Tool-Augmented Spatiotemporal Reasoning for Streamlining Video Question Answering Task¶
Conference: NeurIPS2025 arXiv: 2512.10359 Code: GitHub Area: Video Understanding / Multimodal Reasoning Keywords: [VideoQA, tool-augmented LLM, spatiotemporal reasoning, agentic framework, video toolkit]
TL;DR¶
This paper proposes a video toolkit comprising 22 tools and the STAR (Spatiotemporal Reasoning) framework, which progressively localizes a 3D Region of Interest (RoI) via an alternating temporal–spatial tool scheduling strategy. The approach improves GPT-4o by 8.2% on VideoMME while substantially reducing the number of processed frames and computational overhead.
Background & Motivation¶
Background: Video Question Answering (VideoQA) is a critical benchmark for evaluating a model's ability to understand dynamic scenes. Existing approaches fall into two categories: Video-LLMs (e.g., Qwen-VL), which directly process large numbers of frames at high computational redundancy, and tool-augmented LLMs (e.g., DoraemonGPT), which incorporate external tools to assist reasoning.
Limitations of Prior Work: Existing tool-augmented methods suffer from three fundamental deficiencies: (1) unidimensional tooling—tools focus exclusively on either the temporal or spatial dimension, failing to jointly model intra-frame spatial relationships and inter-frame temporal causality; (2) imbalanced tool quantity and diversity—naively stacking tools leads to disordered LLM invocation; (3) insufficient scheduling strategies—the absence of effective scheduling mechanisms causes Toolchain Shortcuts, whereby the LLM bypasses step-by-step reasoning and directly invokes a general-purpose tool to answer.
Key Challenge: Progressive refinement is simultaneously required along both the temporal and spatial dimensions, yet unconstrained tool scheduling induces the LLM to take shortcuts.
Goal: To construct a comprehensive video toolkit and design an effective spatiotemporal alternating scheduling strategy that resolves the Toolchain Shortcut problem.
Key Insight: Inspired by Chain-of-Thought (CoT) reasoning, video understanding is decomposed into alternating iterations of temporal localization and spatial analysis.

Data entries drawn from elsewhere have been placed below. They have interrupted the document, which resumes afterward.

(* In the synchronous unauthenticated setting with $n$ parties of which at most $t=\lfloor (n-1)/3\rfloor$ are Byzantine and a computationally unbounded adversary, the protocol ''Synchronous Error-free $\frac{n}{3}$-BA'' described in the context, run on $l$-bit inputs, satisfies Termination, Agreement and Validity of Byzantine agreement (with probability $1$), and has communication complexity $O(nl+n^3+n\mathcal{B}(1))$.
   Context: Model: $n$ parties connected pairwise by reliable authenticated (point-to-point) channels, synchronous; a static, computationally unbounded adversary corrupts up to $t$ parties (Byzantine). No cryptography is used. Communication complexity = worst-case total bits sent by honest parties. Byzantine agreement: each $P_i$ holds an $l$-bit input $m_i$; Termination: every honest party outputs; Agreement: honest outputs equal; Validity: if all honest inputs equal $m$, honest parties output $m$. A single-bit Byzantine broadcast oracle lets a sender broadcast one bit so that all honest parties deliver the same bit, equal to the sender's if the sender is honest; its cost is $\mathcal{B}(1)$. Reed–Solomon $(n,t+1)$ code: $\texttt{ENC}$ maps $t+1$ data symbols to $n$ codeword symbols, any $t+1$ of which determine the data; $\texttt{DEC}$ corrects $c$ errors and $d$ erasures iff $n-(t+1)\ge 2c+d$. $(n,t)$-star of an undirected graph $G$ on vertex set $\mathcal{P}=\{P_1,\dots,P_n\}$: a pair $(\mathcal{C},\mathcal{D})$ with $\mathcal{C}\subseteq\mathcal{D}\subseteq\mathcal{P}$, $|\mathcal{C}|\ge n-2t$, $|\mathcal{D}|\ge n-t$, and every $P_i\in\mathcal{C}$, $P_j\in\mathcal{D}$ adjacent. Procedure $\texttt{STAR}(G)$: let $H$ be the complement of $G$ with edge set $\bar E$; compute a maximum matching $M$ of $H$ by a fixed deterministic algorithm; $N$ = matched vertices, $\bar N=\mathcal{P}\setminus N$; $T=\{P_i\in\bar N:\exists (P_j,P_k)\in M,\ (P_i,P_j),(P_i,P_k)\in\bar E\}$; $\mathcal{C}=\bar N\setminus T$; $B=\{P_j\in N:\exists P_k\in\mathcal{C},\ (P_j,P_k)\in\bar E\}$; $\mathcal{D}=\mathcal{P}\setminus B$; output $(\mathcal{C},\mathcal{D})$ if $|\mathcal{C}|\ge n-2t$ and $|\mathcal{D}|\ge n-t$, else output noSTAR. Protocol for $P_i$: (1) Split $m_i$ into $t+1$ blocks of $l/(t+1)$ bits, compute $(s_{i1},\dots,s_{in})=\texttt{ENC}(\text{blocks})$; send $s_{ii}$ to every party and $s_{ij}$ to $P_j$ for each $j$. (2) Form a bit vector $v_i$ of length $n$ with $v_i[j]=1$ iff $s_{ij}=s_{jj}$ and $s_{ii}=s_{ji}$, where $s_{jj}$ and $s_{ji}$ are the values received from $P_j$ in step 1; send $v_i$ to every party. (3) Build graph $G_i$ on $\mathcal{P}$ with edge $(P_x,P_y)$ iff $v_x[y]=v_y[x]=1$ (using the vectors as received by $P_i$), and run $\texttt{STAR}(G_i)$. (4) If it returns $(\mathcal{C}_i,\mathcal{D}_i)$, let $\mathcal{F}_i$ be the set of parties with at least $t+1$ neighbours in $\mathcal{C}_i$ and $\mathcal{E}_i$ the set of parties with at least $2t+1$ neighbours in $\mathcal{F}_i$ (each party counted as its own neighbour); if $|\mathcal{F}_i|\ge 2t+1$ and $|\mathcal{E}_i|\ge 2t+1$ keep $\mathcal{E}_i$, otherwise (or if noSTAR) set $\mathcal{E}_i=\emptyset$. (5) If $\mathcal{E}_i\ne\emptyset$, broadcast bit $1$ with the single-bit BB oracle and send $\mathcal{E}_i$ as an $n$-bit vector to every party; otherwise broadcast bit $0$. (6) If at least $2t+1$ of these broadcasts deliver $1$: let $\mathbf{E}$ be the sets $\mathcal{E}_x$ received; for each $\mathcal{E}_x\in\mathbf{E}$ let $maj_x$ be a value $v$ with $|\{j\in\mathcal{E}_x: s_{ji}=v\}|\ge\lceil(|\mathcal{E}_x|+1)/2\rceil$ ($s_{ji}$ = value received from $P_j$ in step 1), or $\bot$ if none; find $\mathbf{E}'\subseteq\mathbf{E}$ with $|\mathbf{E}'|\ge t+1$ whose $maj_x$ are all equal to a common value $maj\ne\bot$, and send $maj$ to every party. If fewer than $2t+1$ broadcasts deliver $1$, output a predefined $l$-bit message $m'$ and abort. (7) With $maj_j$ the value received from $P_j$ in step 6, apply $\texttt{DEC}$ to $(maj_1,\dots,maj_n)$ with $c=t$, $d=0$ and output the concatenation of the decoded blocks. *)

From mathcomp Require Import all_boot all_order all_algebra.

Set Implicit Arguments.
Unset Strict Implicit.
Unset Printing Implicit Defensive.

Import GRing.Theory.

Definition tB (n : nat) : nat := n.-1 %/ 3.

(* Since the protocol is deterministic, every execution against
   every (rushing, computationally unbounded) adversary is determined by the
   values the corrupt parties send; conversely every choice of values is
   realised by some adversary.  [a1 x y] is what corrupt [x] sends to [y] in
   step 1 (claimed (s_xx, s_xy)), [a2 x y] the vector of step 2, [abb x] the
   bit delivered (to all honest parties alike) by the single-bit BB oracle
   for corrupt sender [x], [a5 x y] the set E_x sent in step 5 and [a6 x y]
   the value maj sent in step 6. *)
Record adversary (n : nat) (F : Type) := Adversary {
  a1 : 'I_n -> 'I_n -> F * F;
  a2 : 'I_n -> 'I_n -> {ffun 'I_n -> bool};
  abb : 'I_n -> bool;
  a5 : 'I_n -> 'I_n -> {set 'I_n};
  a6 : 'I_n -> 'I_n -> F
}.

Definition is_matching (n : nat) (E : rel 'I_n) (M : {set 'I_n * 'I_n}) : bool :=
  [forall e in M, (nat_of_ord e.1 < nat_of_ord e.2)%N && E e.1 e.2] &&
  [forall e in M, forall e' in M,
     (e != e') ==> [disjoint [set e.1; e.2] & [set e'.1; e'.2]]].

Definition is_max_matching (n : nat) (E : rel 'I_n) (M : {set 'I_n * 'I_n}) : Prop :=
  is_matching E M /\ forall M', is_matching E M' -> #|M'| <= #|M|.

(* Procedure STAR(G), G given by a (reflexive, symmetric) adjacency relation;
   [mm] is the fixed deterministic maximum-matching algorithm. *)
Definition STAR (n : nat) (mm : rel 'I_n -> {set 'I_n * 'I_n}) (G : rel 'I_n)
  : option ({set 'I_n} * {set 'I_n}) :=
  let t := tB n in
  let Eb := fun x y => ~~ G x y in
  let M := mm Eb in
  let N := [set x | [exists e in M, (e.1 == x) || (e.2 == x)]] in
  let Nb := ~: N in
  let T := [set x in Nb | [exists e in M, Eb x e.1 && Eb x e.2]] in
  let C := Nb :\: T in
  let B := [set j in N | [exists k in C, Eb j k]] in
  let D := ~: B in
  if (n - 2 * t <= #|C|) && (n - t <= #|D|) then Some (C, D) else None.

Section Protocol.

Variable n : nat.
Local Notation t := (tB n).
Local Notation party := 'I_n.
Variable b : nat.                         (* bits per block/symbol: l/(t+1) *)
Variable F : finFieldType.                (* symbol field of the RS code *)
Variable alpha : party -> F.              (* evaluation points *)
Variable rep : F -> b.-tuple bool.
Variable unrep : b.-tuple bool -> F.
Local Notation l := (t.+1 * b).
Local Notation msg := (l.-tuple bool).
Variable mdef : msg.
Variable mm : rel party -> {set party * party}.

Definition ENC (d : {ffun 'I_t.+1 -> F}) : {ffun party -> F} :=
  [ffun j => \sum_(k < t.+1) d k * alpha j ^+ k]%R.

Definition hdist (u w : {ffun party -> F}) : nat := #|[set j | u j != w j]|.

Core Idea: Temporal and spatial tools are invoked alternately to progressively narrow the spatiotemporal search space toward a 3D RoI—analogous to System 2 thinking applied to visual reasoning.
Method¶
Overall Architecture¶
STAR is a training-free, extensible agentic reasoning framework. It comprises three tool sets (temporal toolset \(T_t\), spatial toolset \(T_s\), and general toolset \(T_g\)) and a core LLM Planner. At initialization, frames are sparsely and uniformly sampled and stored in a visible-frame dictionary \(V\). Temporal and spatial tools are then invoked alternately: temporal tools select or reduce the set of frame indices, while spatial tools process designated frames and update the information in \(V\). At each step, the LLM Planner assesses whether the accumulated information is sufficient; if not, it continues invoking tools. General-purpose tools are reserved as a final fallback for answer generation.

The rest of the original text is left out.